Data extracts
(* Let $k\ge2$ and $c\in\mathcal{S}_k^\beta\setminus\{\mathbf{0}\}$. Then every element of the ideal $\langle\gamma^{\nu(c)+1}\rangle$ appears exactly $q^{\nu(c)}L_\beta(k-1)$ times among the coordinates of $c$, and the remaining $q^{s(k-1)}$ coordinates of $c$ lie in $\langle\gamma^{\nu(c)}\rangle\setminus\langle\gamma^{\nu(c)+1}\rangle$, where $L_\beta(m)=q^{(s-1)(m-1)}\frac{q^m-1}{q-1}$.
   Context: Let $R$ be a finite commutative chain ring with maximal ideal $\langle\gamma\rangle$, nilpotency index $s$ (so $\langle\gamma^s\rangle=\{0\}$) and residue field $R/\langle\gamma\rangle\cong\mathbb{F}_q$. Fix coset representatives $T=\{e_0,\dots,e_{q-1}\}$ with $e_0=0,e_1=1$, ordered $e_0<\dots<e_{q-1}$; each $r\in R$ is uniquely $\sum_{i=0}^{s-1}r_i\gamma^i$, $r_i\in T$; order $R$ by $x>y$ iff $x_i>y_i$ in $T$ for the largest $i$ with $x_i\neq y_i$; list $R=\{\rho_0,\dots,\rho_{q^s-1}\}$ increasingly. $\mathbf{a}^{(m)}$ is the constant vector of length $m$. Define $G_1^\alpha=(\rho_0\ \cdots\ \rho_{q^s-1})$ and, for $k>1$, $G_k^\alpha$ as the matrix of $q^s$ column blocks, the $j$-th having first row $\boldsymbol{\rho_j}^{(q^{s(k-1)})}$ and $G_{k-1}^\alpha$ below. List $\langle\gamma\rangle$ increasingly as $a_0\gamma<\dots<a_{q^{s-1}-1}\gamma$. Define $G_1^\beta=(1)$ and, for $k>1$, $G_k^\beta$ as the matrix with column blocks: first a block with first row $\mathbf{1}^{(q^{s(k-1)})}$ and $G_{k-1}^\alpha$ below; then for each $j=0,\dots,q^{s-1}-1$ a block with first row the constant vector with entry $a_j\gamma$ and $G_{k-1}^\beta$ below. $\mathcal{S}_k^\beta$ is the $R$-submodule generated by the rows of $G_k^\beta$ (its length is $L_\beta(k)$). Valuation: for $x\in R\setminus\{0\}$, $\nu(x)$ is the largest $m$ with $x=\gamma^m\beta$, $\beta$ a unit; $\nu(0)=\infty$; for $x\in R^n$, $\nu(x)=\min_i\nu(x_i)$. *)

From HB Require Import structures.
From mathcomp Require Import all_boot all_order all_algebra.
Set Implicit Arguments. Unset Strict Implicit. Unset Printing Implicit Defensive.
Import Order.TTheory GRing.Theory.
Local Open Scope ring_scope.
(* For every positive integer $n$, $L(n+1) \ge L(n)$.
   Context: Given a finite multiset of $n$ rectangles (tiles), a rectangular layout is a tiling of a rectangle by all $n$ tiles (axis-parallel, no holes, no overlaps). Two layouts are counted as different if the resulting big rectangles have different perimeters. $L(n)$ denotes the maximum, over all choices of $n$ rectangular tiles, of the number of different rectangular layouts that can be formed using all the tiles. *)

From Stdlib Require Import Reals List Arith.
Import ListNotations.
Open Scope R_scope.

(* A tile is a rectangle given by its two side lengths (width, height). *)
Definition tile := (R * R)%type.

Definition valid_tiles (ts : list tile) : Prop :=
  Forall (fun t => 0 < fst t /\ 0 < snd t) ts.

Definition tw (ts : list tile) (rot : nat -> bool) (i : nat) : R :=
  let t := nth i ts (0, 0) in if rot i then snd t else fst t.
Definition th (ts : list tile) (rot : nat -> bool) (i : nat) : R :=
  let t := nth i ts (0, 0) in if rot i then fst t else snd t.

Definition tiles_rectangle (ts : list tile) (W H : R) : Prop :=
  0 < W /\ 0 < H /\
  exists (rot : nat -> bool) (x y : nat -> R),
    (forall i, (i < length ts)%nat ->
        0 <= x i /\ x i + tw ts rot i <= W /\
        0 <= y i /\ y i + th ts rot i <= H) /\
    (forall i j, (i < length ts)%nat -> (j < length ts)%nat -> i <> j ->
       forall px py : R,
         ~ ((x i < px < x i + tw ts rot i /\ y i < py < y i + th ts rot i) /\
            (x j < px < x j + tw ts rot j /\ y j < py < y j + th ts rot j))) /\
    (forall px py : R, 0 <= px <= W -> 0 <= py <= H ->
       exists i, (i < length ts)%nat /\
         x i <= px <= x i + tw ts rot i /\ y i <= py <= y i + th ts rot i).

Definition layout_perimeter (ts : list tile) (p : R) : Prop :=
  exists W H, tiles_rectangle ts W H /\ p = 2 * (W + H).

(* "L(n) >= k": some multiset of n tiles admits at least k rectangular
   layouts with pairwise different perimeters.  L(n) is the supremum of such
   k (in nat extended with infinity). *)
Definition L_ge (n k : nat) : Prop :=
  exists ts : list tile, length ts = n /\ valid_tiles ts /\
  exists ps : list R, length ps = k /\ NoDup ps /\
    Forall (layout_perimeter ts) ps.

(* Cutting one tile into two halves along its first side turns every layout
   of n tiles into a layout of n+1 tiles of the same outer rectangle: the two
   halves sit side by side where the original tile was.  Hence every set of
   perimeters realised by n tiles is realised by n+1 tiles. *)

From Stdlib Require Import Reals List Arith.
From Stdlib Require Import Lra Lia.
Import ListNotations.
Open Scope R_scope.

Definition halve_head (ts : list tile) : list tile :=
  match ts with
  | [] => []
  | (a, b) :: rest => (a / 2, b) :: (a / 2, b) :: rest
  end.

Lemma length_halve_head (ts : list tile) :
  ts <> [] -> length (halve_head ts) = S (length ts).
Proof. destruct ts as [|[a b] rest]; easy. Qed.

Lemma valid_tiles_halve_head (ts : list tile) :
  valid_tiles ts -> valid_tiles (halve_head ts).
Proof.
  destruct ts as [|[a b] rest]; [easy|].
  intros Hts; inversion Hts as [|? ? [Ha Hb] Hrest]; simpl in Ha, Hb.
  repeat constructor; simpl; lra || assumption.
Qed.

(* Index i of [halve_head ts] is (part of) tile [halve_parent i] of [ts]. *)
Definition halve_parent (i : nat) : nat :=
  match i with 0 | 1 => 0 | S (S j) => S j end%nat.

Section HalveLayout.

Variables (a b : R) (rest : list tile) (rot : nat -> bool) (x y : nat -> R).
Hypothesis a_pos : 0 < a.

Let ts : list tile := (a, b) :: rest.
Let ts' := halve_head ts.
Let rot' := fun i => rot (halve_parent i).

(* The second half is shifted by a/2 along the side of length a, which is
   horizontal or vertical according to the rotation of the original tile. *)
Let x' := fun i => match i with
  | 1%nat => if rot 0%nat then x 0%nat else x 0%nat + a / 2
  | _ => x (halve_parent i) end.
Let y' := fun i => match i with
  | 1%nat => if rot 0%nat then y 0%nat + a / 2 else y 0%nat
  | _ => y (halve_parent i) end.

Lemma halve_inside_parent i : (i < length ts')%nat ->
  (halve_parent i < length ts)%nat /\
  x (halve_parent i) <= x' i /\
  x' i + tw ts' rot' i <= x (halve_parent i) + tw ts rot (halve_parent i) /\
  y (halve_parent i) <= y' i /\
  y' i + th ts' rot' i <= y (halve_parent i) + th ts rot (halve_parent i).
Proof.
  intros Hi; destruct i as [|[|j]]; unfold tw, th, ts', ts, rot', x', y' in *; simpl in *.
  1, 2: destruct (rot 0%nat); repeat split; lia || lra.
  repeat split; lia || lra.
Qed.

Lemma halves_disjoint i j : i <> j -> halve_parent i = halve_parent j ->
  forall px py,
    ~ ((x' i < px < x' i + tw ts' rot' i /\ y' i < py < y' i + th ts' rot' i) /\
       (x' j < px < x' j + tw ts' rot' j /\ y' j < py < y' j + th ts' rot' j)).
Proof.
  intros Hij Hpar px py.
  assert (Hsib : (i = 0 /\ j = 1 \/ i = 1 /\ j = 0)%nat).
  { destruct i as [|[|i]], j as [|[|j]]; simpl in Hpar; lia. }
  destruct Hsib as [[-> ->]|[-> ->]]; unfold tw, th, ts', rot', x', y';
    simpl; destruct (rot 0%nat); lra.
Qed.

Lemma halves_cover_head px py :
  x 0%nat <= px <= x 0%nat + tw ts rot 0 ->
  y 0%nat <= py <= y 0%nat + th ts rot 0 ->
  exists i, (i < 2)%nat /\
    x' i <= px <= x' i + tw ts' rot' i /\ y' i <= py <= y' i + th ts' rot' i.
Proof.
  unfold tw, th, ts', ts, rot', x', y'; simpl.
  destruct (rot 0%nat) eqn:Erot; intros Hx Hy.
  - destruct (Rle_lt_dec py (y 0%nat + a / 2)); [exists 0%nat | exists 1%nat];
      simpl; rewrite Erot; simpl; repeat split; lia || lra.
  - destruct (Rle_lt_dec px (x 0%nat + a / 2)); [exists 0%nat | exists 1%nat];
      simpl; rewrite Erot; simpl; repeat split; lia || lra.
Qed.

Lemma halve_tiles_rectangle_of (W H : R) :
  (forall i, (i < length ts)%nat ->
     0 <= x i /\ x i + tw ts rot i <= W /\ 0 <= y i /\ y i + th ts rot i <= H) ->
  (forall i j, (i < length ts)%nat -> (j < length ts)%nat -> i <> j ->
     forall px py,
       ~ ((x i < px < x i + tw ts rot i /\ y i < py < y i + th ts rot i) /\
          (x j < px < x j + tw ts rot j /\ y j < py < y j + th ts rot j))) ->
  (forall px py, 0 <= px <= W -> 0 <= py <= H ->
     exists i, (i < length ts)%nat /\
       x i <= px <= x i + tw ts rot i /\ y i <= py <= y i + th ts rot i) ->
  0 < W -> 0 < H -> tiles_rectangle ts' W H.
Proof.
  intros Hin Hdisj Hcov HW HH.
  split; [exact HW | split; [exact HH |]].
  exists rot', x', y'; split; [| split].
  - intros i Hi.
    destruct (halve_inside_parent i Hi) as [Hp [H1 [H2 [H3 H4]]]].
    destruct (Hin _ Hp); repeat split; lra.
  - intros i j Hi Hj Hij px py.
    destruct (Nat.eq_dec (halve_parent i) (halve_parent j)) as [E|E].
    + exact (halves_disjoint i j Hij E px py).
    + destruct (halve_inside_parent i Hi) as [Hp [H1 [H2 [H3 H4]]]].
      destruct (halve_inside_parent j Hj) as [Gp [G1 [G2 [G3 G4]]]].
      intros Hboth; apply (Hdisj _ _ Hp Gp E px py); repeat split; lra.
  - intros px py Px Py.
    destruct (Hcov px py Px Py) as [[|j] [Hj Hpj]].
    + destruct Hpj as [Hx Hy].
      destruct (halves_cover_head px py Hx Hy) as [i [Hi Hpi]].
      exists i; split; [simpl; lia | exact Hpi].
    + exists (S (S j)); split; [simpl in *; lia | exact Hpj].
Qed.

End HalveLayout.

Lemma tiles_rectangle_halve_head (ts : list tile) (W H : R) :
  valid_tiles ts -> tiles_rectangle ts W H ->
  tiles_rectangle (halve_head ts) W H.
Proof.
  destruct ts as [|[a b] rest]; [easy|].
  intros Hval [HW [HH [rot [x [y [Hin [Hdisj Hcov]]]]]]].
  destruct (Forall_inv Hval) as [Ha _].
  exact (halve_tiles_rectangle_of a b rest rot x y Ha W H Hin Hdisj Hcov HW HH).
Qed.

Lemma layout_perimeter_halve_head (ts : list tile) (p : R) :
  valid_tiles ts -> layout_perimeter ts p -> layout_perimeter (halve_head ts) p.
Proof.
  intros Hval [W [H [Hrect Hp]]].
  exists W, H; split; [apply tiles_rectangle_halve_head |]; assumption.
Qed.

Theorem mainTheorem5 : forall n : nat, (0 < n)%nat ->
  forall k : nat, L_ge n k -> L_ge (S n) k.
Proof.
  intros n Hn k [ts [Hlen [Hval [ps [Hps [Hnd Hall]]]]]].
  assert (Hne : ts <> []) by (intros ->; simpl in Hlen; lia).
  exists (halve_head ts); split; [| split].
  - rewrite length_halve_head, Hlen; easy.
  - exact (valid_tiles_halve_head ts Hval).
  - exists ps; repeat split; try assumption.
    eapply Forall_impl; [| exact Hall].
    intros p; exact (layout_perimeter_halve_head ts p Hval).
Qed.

What is expected
Wherever the line holding "y (halve_parent i) end." falls in the entries above, copy exactly from it through the line holding "intros Hi; destruct", inclusive, and add nothing.

Task solution
  | _ => y (halve_parent i) end.

Lemma halve_inside_parent i : (i < length ts')%nat ->
  (halve_parent i < length ts)%nat /\
  x (halve_parent i) <= x' i /\
  x' i + tw ts' rot' i <= x (halve_parent i) + tw ts rot (halve_parent i) /\
  y (halve_parent i) <= y' i /\
  y' i + th ts' rot' i <= y (halve_parent i) + th ts rot (halve_parent i).
Proof.
  intros Hi; destruct i as [|[|j]]; unfold tw, th, ts', ts, rot', x', y' in *; simpl in *.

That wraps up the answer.